CEMENTO, CHIMICA E SIDERURGIA CHE HANNO CAMBIATO (UN PO’) IL SUD

- di Giuseppe Galasso

Cassa per il Mezzogiorn­o e relativa «politica speciale» e «intervento straordina­rio» dello Stato sono da tempo un oggetto consolidat­o di studio storico e un caso politico, malgrado le apparenze, di grande attualità anche oggi.

Contribuis­ce certo a conoscerlo meglio Cemento e “virgin nafta”. L’epoca del grande intervento dello Stato nel Sud (ed. Guida) di Sandro Petriccion­e: un racconto in pieno equilibrio fra registri diversi, dalla ricostruzi­one dei fatti alla testimonia­nza personale e al giudizio complessiv­o e finale.

Naturalmen­te, preziosa è, in particolar­e, la testimonia­nza personale, che si riporta al 1963, all’avvio dei primi governi di centro-sinistra.

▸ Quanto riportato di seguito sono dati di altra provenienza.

(* Let $T$ be a strongly consistent $\mathcal{L}$-theory in $RGL^*$. Then $T$ is maximally strongly consistent if and only if (1) for all $\mathcal{L}$-sentences $\varphi,\psi$, either $\varphi\to\psi\in T$ or $\psi\to\varphi\in T$; and (2) whenever $\varphi$ is an $\mathcal{L}$-sentence with $T\vdash\bar r\to\varphi$ for all rationals $r\in(0,1]$, then $\varphi\in T$.
   Context: $\mathcal{L}$ is a first-order language with countably many predicate, function and constant symbols. Formulas of $RGL^*$ are built from atomic formulas and the nullary connectives $\bar r$ ($r\in[0,1]\cap\mathbb{Q}$, including $\bar0,\bar1$) by $\wedge,\to,\forall,\exists$; $\neg\varphi:=\varphi\to\bar1$, $\varphi\vee\psi:=((\varphi\to\psi)\to\psi)\wedge((\psi\to\varphi)\to\varphi)$, $\varphi\leftrightarrow\psi:=(\varphi\to\psi)\wedge(\psi\to\varphi)$. Proof system $\vdash$: all instances of (G1) $(\varphi\to\psi)\to((\psi\to\chi)\to(\varphi\to\chi))$; (G2) $(\varphi\wedge\psi)\to\varphi$; (G3) $(\varphi\wedge\psi)\to(\psi\wedge\varphi)$; (G4) $\varphi\to(\varphi\wedge\varphi)$; (G5) $(\varphi\to(\psi\to\chi))\leftrightarrow((\varphi\wedge\psi)\to\chi)$; (G6) $((\varphi\to\psi)\to\chi)\to(((\psi\to\varphi)\to\chi)\to\chi)$; (G7) $\bar1\to\varphi$; (G$\forall$1) $(\forall x\,\varphi(x))\to\varphi(t)$; (G$\forall$2) $\forall x(\psi\to\varphi(x))\to(\psi\to\forall x\,\varphi(x))$; (G$\forall$3) $\forall x(\psi\vee\varphi(x))\to(\psi\vee\forall x\,\varphi(x))$; (G$\exists$1) $\varphi(t)\to\exists x\,\varphi(x)$; (G$\exists$2) $\exists x(\psi\to\varphi(x))\to(\psi\to\exists x\,\varphi(x))$ (with $t$ substitutable for $x$ and $x$ not free in $\psi$); (RGL1) $(\bar r\wedge\bar s)\leftrightarrow\overline{\max\{r,s\}}$; (RGL2) $\bar r\to\bar s$ if $r\ge s$, $(\bar r\to\bar s)\leftrightarrow\bar s$ if $r<s$; (RGL3) $\neg\neg\bar r$ for $r<1$. Rules: modus ponens and generalization. A theory $T$ is strongly consistent if $T\nvdash\bar r$ for every rational $r\in(0,1]$; it is maximally strongly consistent if it is strongly consistent and every strongly consistent $\mathcal{L}$-theory $\Sigma\supseteq T$ equals $T$. *)

From mathcomp Require Import all_boot all_order all_algebra.
Set Implicit Arguments. Unset Strict Implicit. Unset Printing Implicit Defensive.
Import Order.TTheory GRing.Theory Num.Theory.
Local Open Scope ring_scope.

(* A countable first-order language: countably many function symbols
   (constants = 0-ary function symbols) and predicate symbols, with arities. *)
Record signature := Signature {
  Fsym : countType;
  Psym : countType;
  far : Fsym -> nat;
  par : Psym -> nat }.

Definition qI := {r : rat | (0 <= r) && (r <= 1)}.
Definition qval (r : qI) : rat := sval r.

Section Syntax.
Variable L : signature.

Inductive lterm : Type :=
| var : nat -> lterm
| app : forall f : Fsym L, ('I_(far f) -> lterm) -> lterm.

Inductive formula : Type :=
| Atom : forall p : Psym L, ('I_(par p) -> lterm) -> formula
| Const : qI -> formula
| And : formula -> formula -> formula
| Imp : formula -> formula -> formula
| All : formula -> formula                 (* binds de Bruijn index 0 *)
| Ex : formula -> formula.

Definition Neg (phi : formula) : formula := Imp phi (Const (exist _ 1 isT)).
Definition Or (phi psi : formula) : formula :=
  And (Imp (Imp phi psi) psi) (Imp (Imp psi phi) phi).
Definition Iff (phi psi : formula) : formula := And (Imp phi psi) (Imp psi phi).

Fixpoint ren_term (xi : nat -> nat) (t : lterm) : lterm :=
  match t with
  | var n => var (xi n)
  | app f a => app (fun i => ren_term xi (a i))
  end.

Fixpoint subst_term (sigma : nat -> lterm) (t : lterm) : lterm :=
  match t with
  | var n => sigma n
  | app f a => app (fun i => subst_term sigma (a i))
  end.

Definition upren (xi : nat -> nat) (n : nat) : nat :=
  match n with 0 => 0 | k.+1 => (xi k).+1 end.

Definition up (sigma : nat -> lterm) (n : nat) : lterm :=
  match n with 0 => var 0 | k.+1 => ren_term succn (sigma k) end.

Fixpoint ren_form (xi : nat -> nat) (phi : formula) : formula :=
  match phi with
  | Atom p a => Atom (fun i => ren_term xi (a i))
  | Const r => Const r
  | And a b => And (ren_form xi a) (ren_form xi b)
  | Imp a b => Imp (ren_form xi a) (ren_form xi b)
  | All a => All (ren_form (upren xi) a)
  | Ex a => Ex (ren_form (upren xi) a)
  end.

Fixpoint subst_form (sigma : nat -> lterm) (phi : formula) : formula :=
  match phi with
  | Atom p a => Atom (fun i => subst_term sigma (a i))
  | Const r => Const r
  | And a b => And (subst_form sigma a) (subst_form sigma b)
  | Imp a b => Imp (subst_form sigma a) (subst_form sigma b)
  | All a => All (subst_form (up sigma) a)
  | Ex a => Ex (subst_form (up sigma) a)
  end.

(* phi(t): substitute t for the variable bound by the outer quantifier *)
Definition inst (t : lterm) (n : nat) : lterm :=
  match n with 0 => t | k.+1 => var k end.
Definition instantiate (phi : formula) (t : lterm) : formula := subst_form (inst t) phi.

(* lifting psi under a binder: expresses "x not free in psi" *)
Definition lift (psi : formula) : formula := ren_form succn psi.

Fixpoint term_bound (n : nat) (t : lterm) : Prop :=
  match t with
  | var k => (k < n)%N
  | app f a => forall i, term_bound n (a i)
  end.

Fixpoint form_bound (n : nat) (phi : formula) : Prop :=
  match phi with
  | Atom p a => forall i, term_bound n (a i)
  | Const _ => True
  | And a b => form_bound n a /\ form_bound n b
  | Imp a b => form_bound n a /\ form_bound n b
  | All a => form_bound n.+1 a
  | Ex a => form_bound n.+1 a
  end.

Definition sentence (phi : formula) : Prop := form_bound 0 phi.

Definition is_theory (T : formula -> Prop) : Prop := forall phi, T phi -> sentence phi.

Inductive axiom : formula -> Prop :=
| G1 a b c : axiom (Imp (Imp a b) (Imp (Imp b c) (Imp a c)))
| G2 a b : axiom (Imp (And a b) a)
| G3 a b : axiom (Imp (And a b) (And b a))
| G4 a : axiom (Imp a (And a a))
| G5 a b c : axiom (Iff (Imp a (Imp b c)) (Imp (And a b) c))
| G6 a b c : axiom (Imp (Imp (Imp a b) c) (Imp (Imp (Imp b a) c) c))
| G7 a : axiom (Imp (Const (exist _ 1 isT)) a)
| GAll1 phi t : axiom (Imp (All phi) (instantiate phi t))
| GAll2 psi phi : axiom (Imp (All (Imp (lift psi) phi)) (Imp psi (All phi)))
| GAll3 psi phi : axiom (Imp (All (Or (lift psi) phi)) (Or psi (All phi)))
| GEx1 phi t : axiom (Imp (instantiate phi t) (Ex phi))
| GEx2 psi phi : axiom (Imp (Ex (Imp (lift psi) phi)) (Imp psi (Ex phi)))
| RGL1 (r s m : qI) : qval m = Num.max (qval r) (qval s) ->
    axiom (Iff (And (Const r) (Const s)) (Const m))
| RGL2a (r s : qI) : qval s <= qval r -> axiom (Imp (Const r) (Const s))
| RGL2b (r s : qI) : qval r < qval s ->
    axiom (Iff (Imp (Const r) (Const s)) (Const s))
| RGL3 (r : qI) : qval r < 1 -> axiom (Neg (Neg (Const r))).

Inductive prv (T : formula -> Prop) : formula -> Prop :=
| prv_ax phi : axiom phi -> prv T phi
| prv_hyp phi : T phi -> prv T phi
| prv_mp phi psi : prv T phi -> prv T (Imp phi psi) -> prv T psi
| prv_gen phi : prv T phi -> prv T (All phi).

Definition strongly_consistent (T : formula -> Prop) : Prop :=
  forall r : qI, 0 < qval r -> ~ prv T (Const r).

Definition maximally_strongly_consistent (T : formula -> Prop) : Prop :=
  strongly_consistent T /\
  forall Sg : formula -> Prop, is_theory Sg -> (forall phi, T phi -> Sg phi) ->
    strongly_consistent Sg -> forall phi, Sg phi <-> T phi.

End Syntax.

From Pilot Require Import Defs.
From Stdlib Require Import Classical FunctionalExtensionality.
From mathcomp Require Import all_boot all_order all_algebra.
From mathcomp Require Import lra.
Import Order.TTheory GRing.Theory Num.Theory.
Set Implicit Arguments.
Unset Strict Implicit.
Unset Printing Implicit Defensive.
Local Open Scope ring_scope.

(* Maximality says that a sentence chi lies in T as soon as T + chi is still
   strongly consistent, and by the deduction theorem for sentences T + chi is
   strongly inconsistent exactly when T |- chi -> r for some rational r > 0.
   If neither phi -> psi nor psi -> phi were in T, both would imply some
   positive constant, and prelinearity (G6) would derive that constant from T.
   If T |- r -> phi for every r > 0 while phi -> s is derivable, then taking
   r = s/2 gives T |- s/2 -> s, hence T |- s by RGL2b.  Conversely, if phi lies
   in a strongly consistent extension of T, condition (1) applied to r and phi
   can only yield r -> phi in T, for phi -> r in T would derive r in the
   extension; so phi is in T by (2). *)

Lemma ren_term_id (L : signature) (t : lterm L) n (xi : nat -> nat) :
  term_bound n t -> (forall k, (k < n)%N -> xi k = k) -> ren_term xi t = t.
Proof.
elim: t => [k|f a IH] /= tb xiE; first by rewrite xiE.
by congr app; apply: functional_extensionality => i; apply: IH.
Qed.

Lemma ren_form_id (L : signature) (phi : formula L) n (xi : nat -> nat) :
  form_bound n phi -> (forall k, (k < n)%N -> xi k = k) -> ren_form xi phi = phi.
Proof.
have upren_id m (zeta : nat -> nat) : (forall k, (k < m)%N -> zeta k = k) ->
    forall k, (k < m.+1)%N -> upren zeta k = k.
  by move=> zetaE [|k] //= kb; rewrite zetaE.
elim: phi n xi => [p a|r|a IHa b IHb|a IHa b IHb|a IHa|a IHa] n xi /=.
- move=> ab xiE; congr Atom; apply: functional_extensionality => i.
  exact: ren_term_id (ab i) xiE.
- by [].
- by case=> ab bb xiE; rewrite (IHa n) // (IHb n).
- by case=> ab bb xiE; rewrite (IHa n) // (IHb n).
- by move=> ab xiE; rewrite (IHa n.+1) //; apply: upren_id.
- by move=> ab xiE; rewrite (IHa n.+1) //; apply: upren_id.
Qed.

Lemma lift_sentence (L : signature) (phi : formula L) :
  sentence phi -> Defs.lift phi = phi.
Proof. by move=> phi_s; apply: (@ren_form_id L phi 0 succn). Qed.

Section DerivedRules.
Variables (L : signature) (T : formula L -> Prop).

Lemma prv_imp_trans a b c :
  prv T (Imp a b) -> prv T (Imp b c) -> prv T (Imp a c).
Proof.
move=> ab bc; apply: prv_mp bc _; apply: prv_mp ab _; apply: prv_ax; exact: G1.
Qed.

Lemma prv_iffl a b : prv T (Iff a b) -> prv T (Imp a b).
Proof. by move=> ab; apply: prv_mp ab _; apply: prv_ax; apply: G2. Qed.

Lemma prv_iffr a b : prv T (Iff a b) -> prv T (Imp b a).
Proof.
move=> ab; apply: prv_iffl; apply: prv_mp ab _; apply: prv_ax; exact: G3.
Qed.

Lemma prv_curry a b c : prv T (Imp (And a b) c) -> prv T (Imp a (Imp b c)).
Proof. by move=> abc; apply: prv_mp abc _; apply: prv_iffr; apply: prv_ax; apply: G5. Qed.

Lemma prv_uncurry a b c : prv T (Imp a (Imp b c)) -> prv T (Imp (And a b) c).
Proof. by move=> abc; apply: prv_mp abc _; apply: prv_iffl; apply: prv_ax; apply: G5. Qed.

Lemma prv_weaken a b : prv T a -> prv T (Imp b a).
Proof. by move=> pa; apply: prv_mp pa _; apply: prv_curry; apply: prv_ax; apply: G2. Qed.

Lemma prv_imp_refl a : prv T (Imp a a).
Proof. by apply: (@prv_imp_trans _ (And a a)); apply: prv_ax; [apply: G4 | apply: G2]. Qed.

Lemma prv_imp_swap a b c : prv T (Imp a (Imp b c)) -> prv T (Imp b (Imp a c)).
Proof.
move=> abc; apply: prv_curry; apply: (@prv_imp_trans _ (And a b)).
  by apply: prv_ax; apply: G3.
exact: prv_uncurry.
Qed.

Lemma prv_imp_contract a c : prv T (Imp a (Imp a c)) -> prv T (Imp a c).
Proof.
move=> aac; apply: (@prv_imp_trans _ (And a a)); first by apply: prv_ax; apply: G4.
exact: prv_uncurry.
Qed.

Lemma prv_mp_under x a b :
  prv T (Imp x a) -> prv T (Imp x (Imp a b)) -> prv T (Imp x b).
Proof.
by move=> xa xab; apply: prv_imp_contract; apply: prv_imp_trans xa (prv_imp_swap xab).
Qed.

Lemma prv_imp_const_le a (r s : qI) :
  qval s <= qval r -> prv T (Imp a (Const L r)) -> prv T (Imp a (Const L s)).
Proof. by move=> sr ar; apply: prv_imp_trans ar (prv_ax _ (RGL2a _ sr)). Qed.

Lemma prv_const_of_imp_lt (h s : qI) :
  qval h < qval s -> prv T (Imp (Const L h) (Const L s)) -> prv T (Const L s).
Proof.
by move=> hs hs_imp; apply: prv_mp hs_imp _; apply: prv_iffl; apply: prv_ax; apply: RGL2b.
Qed.

Lemma prv_prelinear_const phi psi (r : qI) :
  prv T (Imp (Imp phi psi) (Const L r)) ->
  prv T (Imp (Imp psi phi) (Const L r)) -> prv T (Const L r).
Proof.
move=> pr qr; apply: prv_mp qr _; apply: prv_mp pr _; apply: prv_ax; exact: G6.
Qed.

End DerivedRules.

Definition add_axiom (L : signature) (T : formula L -> Prop) (chi : formula L) :
  formula L -> Prop := fun x => T x \/ x = chi.

Lemma deduction_sentence (L : signature) (T : formula L -> Prop) chi th :
  sentence chi -> prv (add_axiom T chi) th -> prv T (Imp chi th).
Proof.
move=> chi_s; elim=> {th} [a ax|a [Ta|->]|a b _ ca _ cab|a _ ca].
- exact/prv_weaken/prv_ax.
- exact/prv_weaken/prv_hyp.
- exact: prv_imp_refl.
- exact: prv_mp_under ca cab.
- apply: prv_mp (prv_gen ca) _; rewrite -{1}(lift_sentence chi_s).
  by apply: prv_ax; apply: GAll2.
Qed.

Lemma add_axiom_inconsistent (L : signature) (T : formula L -> Prop) chi :
  sentence chi -> ~ strongly_consistent (add_axiom T chi) ->
  exists2 r : qI, 0 < qval r & prv T (Imp chi (Const L r)).
Proof.
move=> chi_s inconsistent; apply: NNPP => no_r; apply: inconsistent => r r_gt0.
by move=> /(deduction_sentence chi_s) pr; apply: no_r; exists r.
Qed.

Lemma qI_below (s : qI) : 0 < qval s -> exists2 h : qI, 0 < qval h & qval h < qval s.
Proof.
case: s => s /= /andP[s_ge0 s_le1]; rewrite /qval /= => s_gt0.
have h01 : (0 <= s / 2) && (s / 2 <= 1) by apply/andP; split; lra.
by exists (exist _ (s / 2) h01); rewrite /qval /=; lra.
Qed.

Section MaximalTheory.
Variables (L : signature) (T : formula L -> Prop).
Hypotheses (T_theory : is_theory T) (T_msc : maximally_strongly_consistent T).

Let T_sc : strongly_consistent T := proj1 T_msc.

Lemma msc_add_axiom chi :
  sentence chi -> strongly_consistent (add_axiom T chi) -> T chi.
Proof.
move=> chi_s sc; apply: (proj1 (proj2 T_msc _ _ _ sc chi)); last by right.
- by move=> x [/T_theory|->].
- by move=> x Tx; left.
Qed.

Lemma msc_prelinear phi psi : sentence phi -> sentence psi ->
  T (Imp phi psi) \/ T (Imp psi phi).
Proof.
move=> phi_s psi_s; apply: NNPP => /not_or_and[nTpq nTqp].
have pq_s : sentence (Imp phi psi) by split.
have qp_s : sentence (Imp psi phi) by split.
have [r r_gt0 pq_r] :=
  add_axiom_inconsistent pq_s (fun sc => nTpq (msc_add_axiom pq_s sc)).
have [s s_gt0 qp_r] :=
  add_axiom_inconsistent qp_s (fun sc => nTqp (msc_add_axiom qp_s sc)).
case: (lerP (qval r) (qval s)) => [rs|sr].
- exact/(T_sc r_gt0)/(prv_prelinear_const pq_r)/(prv_imp_const_le rs qp_r).
- exact/(T_sc s_gt0)/(prv_prelinear_const (prv_imp_const_le (ltW sr) pq_r) qp_r).
Qed.

Lemma msc_const_closed phi : sentence phi ->
  (forall r : qI, 0 < qval r -> prv T (Imp (Const L r) phi)) -> T phi.
Proof.
move=> phi_s r_phi; apply: msc_add_axiom => // s s_gt0.
move=> /(deduction_sentence phi_s) phi_s_prv.
have [h h_gt0 hs] := qI_below s_gt0.
exact/(T_sc s_gt0)/(prv_const_of_imp_lt hs)/(prv_imp_trans (r_phi h h_gt0)).
Qed.

End MaximalTheory.

Lemma prelinear_const_closed_msc (L : signature) (T : formula L -> Prop) :
  strongly_consistent T ->
  (forall phi psi : formula L, sentence phi -> sentence psi ->
     T (Imp phi psi) \/ T (Imp psi phi)) ->
  (forall phi : formula L, sentence phi ->
     (forall r : qI, 0 < qval r -> prv T (Imp (Const L r) phi)) -> T phi) ->
  maximally_strongly_consistent T.
Proof.
move=> T_sc prelin closed; split=> // Sg Sg_theory TSg Sg_sc phi.
split=> [Sg_phi|/TSg//]; apply: closed => [|r r_gt0]; first exact: Sg_theory.
have [T_r_phi|T_phi_r] := prelin (Const L r) phi I (Sg_theory _ Sg_phi).
  exact: prv_hyp.
case: (Sg_sc r r_gt0); apply: (prv_mp (prv_hyp Sg_phi)).
exact: prv_hyp (TSg _ T_phi_r).
Qed.

Theorem mainTheorem7 (L : signature) (T : formula L -> Prop) :
  is_theory T -> strongly_consistent T ->
  (maximally_strongly_consistent T <->
   ((forall phi psi : formula L, sentence phi -> sentence psi ->
       T (Imp phi psi) \/ T (Imp psi phi)) /\
    (forall phi : formula L, sentence phi ->
       (forall r : qI, 0 < qval r -> prv T (Imp (Const L r) phi)) -> T phi))).
Proof.
move=> T_theory T_sc; split=> [T_msc|[]]; last exact: prelinear_const_closed_msc.
by split; [apply: msc_prelinear | apply: msc_const_closed].
Qed.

Petriccion­e, nominato allora nel consiglio di amministra­zione della Cassa, fu il «primo socialista» a entrare in un’istituzion­e che fino ad allora «il Psi insieme al Pci aveva sempre combattuto». Era anche, egli ricorda, un momento in cui ancorasi oscillava tra una visione agraria e una visione industrial­ista e urbana della questione meridional­e.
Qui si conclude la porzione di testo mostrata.